_Task goal_
Copy exactly the stretch of data below from the line with "hits_box K (2 * lam) r -> uniq" through the line with "have P0 : 0 < P by apply: prodr_gt0 => i _.", including both of those lines.

_Records_

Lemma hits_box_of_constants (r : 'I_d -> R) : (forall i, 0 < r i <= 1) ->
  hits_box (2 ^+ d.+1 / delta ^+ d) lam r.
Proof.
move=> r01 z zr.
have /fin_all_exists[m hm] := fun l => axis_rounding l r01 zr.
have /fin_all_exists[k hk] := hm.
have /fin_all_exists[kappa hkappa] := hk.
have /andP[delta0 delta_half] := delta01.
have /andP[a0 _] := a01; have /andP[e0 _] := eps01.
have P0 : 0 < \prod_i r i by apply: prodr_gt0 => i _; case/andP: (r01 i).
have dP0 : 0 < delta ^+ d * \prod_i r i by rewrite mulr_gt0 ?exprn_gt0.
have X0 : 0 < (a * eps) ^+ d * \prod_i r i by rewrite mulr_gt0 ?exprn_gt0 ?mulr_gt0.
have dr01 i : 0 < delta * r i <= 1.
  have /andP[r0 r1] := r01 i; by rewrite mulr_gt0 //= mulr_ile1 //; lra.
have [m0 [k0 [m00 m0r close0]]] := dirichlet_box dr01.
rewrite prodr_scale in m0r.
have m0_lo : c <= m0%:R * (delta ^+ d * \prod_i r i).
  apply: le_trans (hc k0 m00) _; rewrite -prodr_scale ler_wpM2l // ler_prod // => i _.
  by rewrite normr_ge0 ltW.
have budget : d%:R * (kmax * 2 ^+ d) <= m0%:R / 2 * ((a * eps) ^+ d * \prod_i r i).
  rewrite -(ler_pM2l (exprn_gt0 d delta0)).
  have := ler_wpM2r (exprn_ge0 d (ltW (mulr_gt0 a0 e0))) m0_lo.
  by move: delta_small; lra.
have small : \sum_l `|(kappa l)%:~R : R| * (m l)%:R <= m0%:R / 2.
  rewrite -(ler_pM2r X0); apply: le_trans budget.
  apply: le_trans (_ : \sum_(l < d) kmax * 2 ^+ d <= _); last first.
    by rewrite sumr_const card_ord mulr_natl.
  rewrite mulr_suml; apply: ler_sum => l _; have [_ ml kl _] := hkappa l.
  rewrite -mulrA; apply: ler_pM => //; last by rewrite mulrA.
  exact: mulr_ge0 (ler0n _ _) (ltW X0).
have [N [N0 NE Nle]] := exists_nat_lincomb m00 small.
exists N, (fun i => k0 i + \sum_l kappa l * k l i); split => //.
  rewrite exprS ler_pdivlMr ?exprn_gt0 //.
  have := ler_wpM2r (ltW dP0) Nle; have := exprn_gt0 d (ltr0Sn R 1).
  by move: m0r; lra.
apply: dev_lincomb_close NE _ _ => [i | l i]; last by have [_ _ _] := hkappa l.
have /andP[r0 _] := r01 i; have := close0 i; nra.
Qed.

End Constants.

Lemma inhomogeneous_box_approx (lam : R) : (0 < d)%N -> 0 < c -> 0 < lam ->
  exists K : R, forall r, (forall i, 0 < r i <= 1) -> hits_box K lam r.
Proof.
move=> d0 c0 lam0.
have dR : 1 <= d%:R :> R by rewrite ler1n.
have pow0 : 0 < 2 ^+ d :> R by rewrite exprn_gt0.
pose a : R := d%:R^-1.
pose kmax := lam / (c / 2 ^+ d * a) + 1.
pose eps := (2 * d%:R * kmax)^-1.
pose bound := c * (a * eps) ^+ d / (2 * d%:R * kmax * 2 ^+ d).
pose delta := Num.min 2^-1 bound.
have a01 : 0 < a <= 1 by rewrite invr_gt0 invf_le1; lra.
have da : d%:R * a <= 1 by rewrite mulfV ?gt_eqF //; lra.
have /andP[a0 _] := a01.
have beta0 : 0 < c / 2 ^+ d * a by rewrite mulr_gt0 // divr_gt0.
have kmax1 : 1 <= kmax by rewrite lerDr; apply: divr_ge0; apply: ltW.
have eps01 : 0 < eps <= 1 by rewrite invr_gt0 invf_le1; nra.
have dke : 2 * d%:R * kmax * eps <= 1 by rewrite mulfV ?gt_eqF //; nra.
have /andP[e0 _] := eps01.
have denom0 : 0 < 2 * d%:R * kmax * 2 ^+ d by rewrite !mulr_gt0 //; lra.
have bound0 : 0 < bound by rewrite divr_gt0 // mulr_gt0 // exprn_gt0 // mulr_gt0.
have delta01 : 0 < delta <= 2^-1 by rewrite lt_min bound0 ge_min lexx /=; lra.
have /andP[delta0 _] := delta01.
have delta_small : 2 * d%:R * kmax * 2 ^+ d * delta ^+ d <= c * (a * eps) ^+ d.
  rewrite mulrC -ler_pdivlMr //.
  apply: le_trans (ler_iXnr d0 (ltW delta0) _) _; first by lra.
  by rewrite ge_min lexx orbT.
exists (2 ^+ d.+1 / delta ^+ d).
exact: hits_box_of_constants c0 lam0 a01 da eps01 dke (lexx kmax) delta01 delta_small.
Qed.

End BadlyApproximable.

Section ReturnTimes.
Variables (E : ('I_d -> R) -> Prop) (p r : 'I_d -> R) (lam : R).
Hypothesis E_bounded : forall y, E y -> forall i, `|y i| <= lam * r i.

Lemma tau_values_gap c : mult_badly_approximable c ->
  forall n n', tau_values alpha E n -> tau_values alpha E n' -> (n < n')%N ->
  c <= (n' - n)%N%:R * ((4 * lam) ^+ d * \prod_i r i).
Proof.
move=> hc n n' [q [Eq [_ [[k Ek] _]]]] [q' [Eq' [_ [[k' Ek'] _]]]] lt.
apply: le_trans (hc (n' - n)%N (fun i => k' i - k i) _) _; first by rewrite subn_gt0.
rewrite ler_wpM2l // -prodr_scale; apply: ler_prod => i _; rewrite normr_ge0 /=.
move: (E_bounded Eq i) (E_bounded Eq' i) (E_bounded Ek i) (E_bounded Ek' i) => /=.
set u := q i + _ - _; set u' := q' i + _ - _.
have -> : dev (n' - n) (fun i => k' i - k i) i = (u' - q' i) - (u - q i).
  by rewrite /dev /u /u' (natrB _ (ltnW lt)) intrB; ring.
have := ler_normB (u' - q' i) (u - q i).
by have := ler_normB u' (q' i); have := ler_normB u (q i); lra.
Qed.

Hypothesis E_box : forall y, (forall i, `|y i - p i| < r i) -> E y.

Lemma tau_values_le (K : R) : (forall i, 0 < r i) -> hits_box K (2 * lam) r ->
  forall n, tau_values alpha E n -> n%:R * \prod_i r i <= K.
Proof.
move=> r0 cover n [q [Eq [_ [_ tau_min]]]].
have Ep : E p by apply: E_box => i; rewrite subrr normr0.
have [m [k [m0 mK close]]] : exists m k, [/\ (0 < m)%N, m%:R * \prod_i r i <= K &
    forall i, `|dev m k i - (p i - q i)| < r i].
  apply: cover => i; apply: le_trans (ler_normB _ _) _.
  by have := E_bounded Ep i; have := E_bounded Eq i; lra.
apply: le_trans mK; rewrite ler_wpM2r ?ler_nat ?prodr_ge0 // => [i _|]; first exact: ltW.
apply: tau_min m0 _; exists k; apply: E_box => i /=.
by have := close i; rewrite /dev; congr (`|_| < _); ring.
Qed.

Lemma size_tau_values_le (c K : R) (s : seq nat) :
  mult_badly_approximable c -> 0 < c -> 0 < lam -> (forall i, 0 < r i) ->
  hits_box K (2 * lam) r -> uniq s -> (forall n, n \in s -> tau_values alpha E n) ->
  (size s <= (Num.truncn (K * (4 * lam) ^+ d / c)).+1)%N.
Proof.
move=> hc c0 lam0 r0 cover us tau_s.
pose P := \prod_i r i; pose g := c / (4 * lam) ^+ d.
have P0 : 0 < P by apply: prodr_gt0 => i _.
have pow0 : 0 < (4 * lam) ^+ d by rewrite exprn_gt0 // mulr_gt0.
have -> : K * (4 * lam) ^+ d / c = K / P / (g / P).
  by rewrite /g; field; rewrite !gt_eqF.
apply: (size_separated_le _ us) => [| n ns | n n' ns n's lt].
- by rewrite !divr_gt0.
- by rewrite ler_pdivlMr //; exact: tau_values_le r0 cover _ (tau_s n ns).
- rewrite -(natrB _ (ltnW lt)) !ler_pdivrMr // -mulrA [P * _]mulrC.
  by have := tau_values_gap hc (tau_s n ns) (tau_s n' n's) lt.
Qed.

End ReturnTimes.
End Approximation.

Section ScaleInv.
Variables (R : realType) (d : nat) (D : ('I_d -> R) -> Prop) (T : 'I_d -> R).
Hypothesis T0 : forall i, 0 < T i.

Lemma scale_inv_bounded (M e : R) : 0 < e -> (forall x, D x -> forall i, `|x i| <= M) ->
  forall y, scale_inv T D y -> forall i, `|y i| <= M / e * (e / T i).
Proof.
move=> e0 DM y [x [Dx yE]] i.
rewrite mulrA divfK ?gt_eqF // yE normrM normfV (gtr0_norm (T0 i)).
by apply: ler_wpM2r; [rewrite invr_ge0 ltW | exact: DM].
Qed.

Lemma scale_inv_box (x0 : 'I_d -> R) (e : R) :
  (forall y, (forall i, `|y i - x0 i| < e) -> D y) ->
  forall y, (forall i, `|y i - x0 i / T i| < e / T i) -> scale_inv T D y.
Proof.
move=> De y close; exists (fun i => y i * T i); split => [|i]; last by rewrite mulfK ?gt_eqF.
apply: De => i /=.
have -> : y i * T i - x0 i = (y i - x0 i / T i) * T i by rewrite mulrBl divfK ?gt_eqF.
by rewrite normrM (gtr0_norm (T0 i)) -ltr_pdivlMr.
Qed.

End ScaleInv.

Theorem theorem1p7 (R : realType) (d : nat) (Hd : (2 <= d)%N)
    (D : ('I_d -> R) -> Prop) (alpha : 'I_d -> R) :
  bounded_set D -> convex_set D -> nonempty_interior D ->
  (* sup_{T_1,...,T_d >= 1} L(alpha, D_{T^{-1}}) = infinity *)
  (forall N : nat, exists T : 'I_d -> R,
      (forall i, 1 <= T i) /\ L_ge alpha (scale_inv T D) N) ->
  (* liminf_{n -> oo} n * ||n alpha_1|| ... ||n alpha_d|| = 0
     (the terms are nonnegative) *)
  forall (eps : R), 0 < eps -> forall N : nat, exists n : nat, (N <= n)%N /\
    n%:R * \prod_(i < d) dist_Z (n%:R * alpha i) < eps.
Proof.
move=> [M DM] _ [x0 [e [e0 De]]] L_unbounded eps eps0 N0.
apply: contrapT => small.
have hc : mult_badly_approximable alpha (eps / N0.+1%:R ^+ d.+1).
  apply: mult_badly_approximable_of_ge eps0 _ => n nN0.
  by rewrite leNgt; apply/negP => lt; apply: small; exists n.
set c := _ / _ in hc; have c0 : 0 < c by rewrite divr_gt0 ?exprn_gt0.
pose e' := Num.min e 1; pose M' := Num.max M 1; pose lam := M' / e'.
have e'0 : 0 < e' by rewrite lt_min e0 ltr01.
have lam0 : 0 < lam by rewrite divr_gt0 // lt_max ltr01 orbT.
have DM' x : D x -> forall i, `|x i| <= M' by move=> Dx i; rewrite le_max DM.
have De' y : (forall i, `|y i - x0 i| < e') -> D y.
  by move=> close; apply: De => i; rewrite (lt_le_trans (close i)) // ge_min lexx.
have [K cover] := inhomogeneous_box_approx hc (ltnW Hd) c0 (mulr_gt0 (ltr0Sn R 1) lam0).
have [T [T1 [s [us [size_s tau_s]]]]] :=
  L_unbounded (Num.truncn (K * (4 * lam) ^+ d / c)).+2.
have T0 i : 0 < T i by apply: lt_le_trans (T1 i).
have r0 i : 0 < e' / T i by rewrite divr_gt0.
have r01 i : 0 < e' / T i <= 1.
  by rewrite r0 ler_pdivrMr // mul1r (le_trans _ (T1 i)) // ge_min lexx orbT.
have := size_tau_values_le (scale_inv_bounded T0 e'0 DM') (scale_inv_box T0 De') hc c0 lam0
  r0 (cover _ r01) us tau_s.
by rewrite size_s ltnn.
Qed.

_Exercise result_
  hits_box K (2 * lam) r -> uniq s -> (forall n, n \in s -> tau_values alpha E n) ->
  (size s <= (Num.truncn (K * (4 * lam) ^+ d / c)).+1)%N.
Proof.
move=> hc c0 lam0 r0 cover us tau_s.
pose P := \prod_i r i; pose g := c / (4 * lam) ^+ d.
have P0 : 0 < P by apply: prodr_gt0 => i _.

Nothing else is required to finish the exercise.